Work out how many students should be sampled from each subject.

Solution: The sampling fraction is $\dfrac{60}{720} = \dfrac{1}{12}$ .

Sciences: $360 \times \dfrac{1}{12} = 30$
Arts: $240 \times \dfrac{1}{12} = 20$
Sport: $120 \times \dfrac{1}{12} = 10$
Check: $30 + 20 + 10 = 60$ ✓

Common error: dividing 60 by 3 to get 20 from each subject. That ignores the different group sizes and over-samples Sport while under-sampling Sciences.

Worked Example 8 [H]

A gym has 900 members: 540 adults, 270 students and 90 children. A stratified sample of 50 is taken. How many children are in the sample?

Solution: Number of children $= \dfrac{90}{900} \times 50 = 0.1 \times 50 = 5$ children.

Worked Example 9 [H]

In a stratified sample of 40 from 800 employees, 6 employees came from the night shift. How many night-shift employees are there altogether?

Solution: The sampling fraction is $\dfrac{40}{800} = \dfrac{1}{20}$ . If 6 in the sample represent the night shift, then $6 = \dfrac{1}{20} \times (\text{night-shift total})$ , so the night-shift total $= 6 \times 20 = 120$ employees.

Bias and How to Avoid It

A sample is biased when it systematically over- or under-represents part of the population. Common causes:

Cause of bias	Example
Non-random selection	Only asking your own friends
Wrong time or place	Surveying a high street at 11 a.m. misses people at work
Too small a sample	A handful of people is unlikely to reflect everyone
Leading questions	"Don't you agree the canteen food is poor?" pushes a "yes"
Non-response	People who ignore a survey may differ from those who reply
Self-selection	Only people who feel strongly bother to respond

Worked Example 10

Mia wants to know what students across her whole school think of the new timetable. She asks the 28 students in her own form. Give two reasons why this may not give a representative sample, and suggest a better method.

Solution:

Her form is a single year group, so the views of other year groups — who may be affected differently by the timetable — are missing.
28 students is a small fraction of the school, so the sample is unlikely to reflect everyone.

Better method: take a stratified random sample across all year groups, so each year is represented in proportion to its size.

Worked Example 11

A radio station asks listeners to phone in to vote on whether a new bypass should be built. Give one reason why the result may be biased.

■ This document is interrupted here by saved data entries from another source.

(* Consider the following heterogeneous treatment effects model. Let $Y$ be a real-valued outcome (with finite mean), $D\in\{0,1\}$ a binary treatment, and $Z\in\{0,1\}$, $W\in\{0,1\}$ two binary instruments. For $z\in\{0,1\}$, let $D_z\in\{0,1\}$ denote the potential treatment when $Z=z$, and for $d,z\in\{0,1\}$ let $Y_{d,z}$ denote the potential outcome when the instrument is $Z=z$ and the treatment is $d$ (potential outcomes are not indexed by $W$). The observed variables $(Y,D,Z,W)$ are generated by $D=D_1Z+D_0(1-Z)$ and $Y=Y_1D+Y_0(1-D)$, where $Y_d=Y_{d,1}Z+Y_{d,0}(1-Z)$. Define the subgroups always takers $\mathrm{AT}=\{D_1=D_0=1\}$, never takers $\mathrm{NT}=\{D_1=D_0=0\}$ and compliers $\mathrm{CP}=\{D_1=1,D_0=0\}$, and for $G\in\{\mathrm{AT},\mathrm{NT},\mathrm{CP}\}$ and $d\in\{0,1\}$ let $\rho_{G,d}=E[Y_{d,1}-Y_{d,0}\mid G]$. Assume: (i) there exist constants $\rho_1,\rho_0$ such that $\rho_{G,d}=\rho_d$ for all $G\in\{\mathrm{AT},\mathrm{NT},\mathrm{CP}\}$ and $d\in\{0,1\}$; (ii) $D_1\geq D_0$; (iii) $(Z,W)$ is independent of $Y_{d,z}$ conditional on $(D_1,D_0)$ for every $d,z\in\{0,1\}$, and $Z$ is independent of $(D_1,D_0)$ conditional on $W$; (iv) $\Pr(D_1>D_0)>0$; (v) $0<\Pr(Z=z,W=w)<1$ for all $z,w\in\{0,1\}$; (vi) for each $G\in\{\mathrm{AT},\mathrm{NT}\}$, $\Pr(G\mid W=1)\Pr(\mathrm{CP}\mid W=0)\neq \Pr(G\mid W=0)\Pr(\mathrm{CP}\mid W=1)$. Then the direct effects $(\rho_1,\rho_0)$ and the local average treatment effect $\mathrm{LATE}=E[Y_1-Y_0\mid \mathrm{CP}]$ are point identified, i.e., they are uniquely determined by the joint distribution of the observed variables $(Y,D,Z,W)$.
   Context: $\Pr(G\mid W=w)$ denotes the probability that $(D_1,D_0)$ belongs to subgroup $G$ conditional on $W=w$. ''Point identified'' means that any two data-generating structures satisfying all the stated assumptions and inducing the same joint distribution of $(Y,D,Z,W)$ yield the same values of $\rho_1$, $\rho_0$ and $\mathrm{LATE}$. *)

From mathcomp Require Import all_boot all_order all_algebra.
From mathcomp Require Import all_classical all_reals all_analysis.
Set Implicit Arguments. Unset Strict Implicit. Unset Printing Implicit Defensive.
Import Order.TTheory GRing.Theory Num.Theory.
Local Open Scope classical_set_scope.
Local Open Scope ring_scope.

Solution: Only listeners who feel strongly enough to phone in will respond (self-selection), and only people who happen to listen to that station are reached. These groups may not represent the views of the whole local population, so the result is biased.

Extended Worked Examples

Worked Example A [H] — Stratified sampling with rounding

A school has 1,150 students: 250 in Year 9, 230 in Year 10, 220 in Year 11, 230 in Year 12 and 220 in Year 13. A stratified sample of 60 is required. Work out how many to sample from each year group.

Step 1 — sampling fraction: $\dfrac{60}{1150} = 0.05217\ldots$

Step 2 — apply to each stratum (round to the nearest whole number):

Year	Population	Calculation	Sample
9	250	$250 \times 0.05217 = 13.04$	13
10	230	$230 \times 0.05217 = 12.00$	12
11	220	$220 \times 0.05217 = 11.48$	11
12	230	$230 \times 0.05217 = 12.00$	12
13	220	$220 \times 0.05217 = 11.48$	11

Step 3 — check the total: $13 + 12 + 11 + 12 + 11 = 59$ . This is one short because of rounding down. Add one to the stratum whose value was closest to rounding up (Year 11 or Year 13, both 11.48); adding one to Year 11 gives 12 and a total of 60. Always finish by checking the strata add to the required sample size.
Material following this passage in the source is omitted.